» TASK ITEM
For the records below, print the lines from the line with "forall om, ~ E om -> forall q, Pub_spec" through the line with "have Klt : (K" exactly as written; include both end lines and exclude the rest.

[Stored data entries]

Lemma upper_cp_bound_ge_prob r (K : Om' -> nat) beta : uniq r -> 0 <= beta -> beta < 2 ->
  (forall om, (K om <= size r)%N) -> (forall om, (nhits A r om <= K om)%N) ->
  exists E, measurable E /\ (P' E <= (beta / 2)%:E)%E /\
    forall om, ~ E om -> forall q, Pub_spec (size r) (K om) beta q -> p <= q.
Proof.
move=> ur b0 b2 Kr hitsK; have /andP[p0 p1] : 0 <= p <= 1 by exact: fine_probability_itv.
have [||E [mE [PE hE]]] := binom_cdf_pvalue_event (c := beta / 2) ur; [lra | lra |].
exists E; split=> //; split=> // om nE q; rewrite /Pub_spec.
case: eqP => [_ -> //|/eqP KNr [/andP[q0 q1] cdfq]].
have Klt : (K om < size r)%N by rewrite ltn_neqAle KNr Kr.
rewrite leNgt; apply/negP => qp; apply/nE/hE => /=.
rewrite cdfq binom_sum_leq // lerD2l lerN2.
apply: le_trans (binom_tail_homo _ _ q0 (ltW qp) p1) _.
by apply: binom_tail_le_index; [rewrite p0 | rewrite ltnS].
Qed.

End BinomialCount.

(* The Clopper-Pearson equations are only known to have some solution, so for
   each of the finitely many values k we keep one solution above b. *)
Lemma uniform_gap_above (R : realType) (Pd : nat -> R -> Prop) (b : R) n :
  exists2 m, b < m & forall k, (k < n)%N -> forall q, Pd k q -> b < q ->
    exists2 q', Pd k q' & m <= q'.
Proof.
elim: n => [|n [m bm hm]]; first by exists (b + 1) => //; lra.
case: (pselect (exists2 q, Pd n q & b < q)) => [[q Pq bq]|nq].
  exists (Num.min m q) => [|k]; first by rewrite lt_min bm bq.
  rewrite ltnS leq_eqVlt => /orP[/eqP ->|kn] q0 Pq0 bq0.
    by exists q => //; rewrite ge_min lexx orbT.
  by have [q' Pq' mq'] := hm k kn q0 Pq0 bq0; exists q' => //; rewrite ge_min mq'.
exists m => // k; rewrite ltnS leq_eqVlt => /orP[/eqP ->|kn] q0 Pq0 bq0.
  by exfalso; apply: nq; exists q0.
exact: hm kn q0 Pq0 bq0.
Qed.

Lemma uniform_gap_below (R : realType) (Pd : nat -> R -> Prop) (b : R) n :
  exists2 m, m < b & forall k, (k < n)%N -> forall q, Pd k q -> q < b ->
    exists2 q', Pd k q' & q' <= m.
Proof.
have [m bm hm] := uniform_gap_above (fun k q => Pd k (- q)) (- b) n.
exists (- m) => [|k kn q Pq qb]; first by rewrite ltrNl.
have [||q' Pq' mq'] := hm k kn (- q); rewrite ?opprK ?ltrN2 //.
by exists (- q') => //; rewrite lerNl opprK.
Qed.

Section ConfidenceBounds.
Variables (R : realType) (d d' : measure_display) (Om : measurableType d)
  (P : probability Om R) (Om' : measurableType d') (P' : probability Om' R)
  (N : nat) (w : 'I_N -> Om' -> Om).
Hypothesis hw : iid_samples P P' w.
Variables (T : Type) (Rs : set T) (A : T -> set Om) (r : seq 'I_N) (beta : R).
Hypothesis mA : forall x, Rs x -> measurable (A x).
Hypothesis ur : uniq r.
Hypothesis Rs_nonempty : (0 < size r)%N -> Rs !=set0.

Let prob x := fine (P (A x)).

Lemma empty_region_no_samples : ~ (Rs !=set0) -> size r = 0%N.
Proof. by move=> Rs0; case: (posnP (size r)) => // /Rs_nonempty. Qed.

Lemma lower_confidence_bound (K : Om' -> nat) : 0 <= beta ->
  (forall om, (K om <= size r)%N) ->
  (forall x om, Rs x -> (K om <= nhits w (A x) r om)%N) ->
  exists E, measurable E /\ (P' E <= (beta / 2)%:E)%E /\
    forall om, ~ E om -> forall q, Plb_spec (size r) (K om) beta q ->
      q <= inf [set prob x | x in Rs].
Proof.
move=> b0 Kr Khits; case: (pselect (Rs !=set0)) => [Rs0|Rs0].
  set pinf := inf _.
  have [m pm hm] := uniform_gap_above (Plb_spec (size r) ^~ beta) pinf (size r).+1.
  have [_ [x Rx <-] pxm] : exists2 y, [set prob x | x in Rs] y & y < m.
    by apply: inf_lt pm; case: Rs0 => x Rx; exists (prob x), x.
  have [E [mE [PE hE]]] := lower_cp_bound_le_prob hw (mA Rx) ur b0 (Khits x ^~ Rx).
  exists E; split=> //; split=> // om nE q hq; rewrite leNgt; apply/negP => qgt.
  have [q' hq' mq'] := hm (K om) (Kr om) q hq qgt.
  by have := hE om nE q' hq'; rewrite leNgt (lt_le_trans pxm mq').
have r0 := empty_region_no_samples Rs0.
have -> : Rs = set0 by apply/seteqP; split=> // x Rx; apply: Rs0; exists x.
exists set0; split=> //; split=> [|om _ q]; first by rewrite measure0 lee_fin divr_ge0.
have /eqP -> : K om == 0%N by rewrite -leqn0 -r0.
by rewrite /Plb_spec eqxx => ->; rewrite image_set0 inf0.
Qed.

» REPLY TO THE TASK
    forall om, ~ E om -> forall q, Pub_spec (size r) (K om) beta q -> p <= q.
Proof.
move=> ur b0 b2 Kr hitsK; have /andP[p0 p1] : 0 <= p <= 1 by exact: fine_probability_itv.
have [||E [mE [PE hE]]] := binom_cdf_pvalue_event (c := beta / 2) ur; [lra | lra |].
exists E; split=> //; split=> // om nE q; rewrite /Pub_spec.
case: eqP => [_ -> //|/eqP KNr [/andP[q0 q1] cdfq]].
have Klt : (K om < size r)%N by rewrite ltn_neqAle KNr Kr.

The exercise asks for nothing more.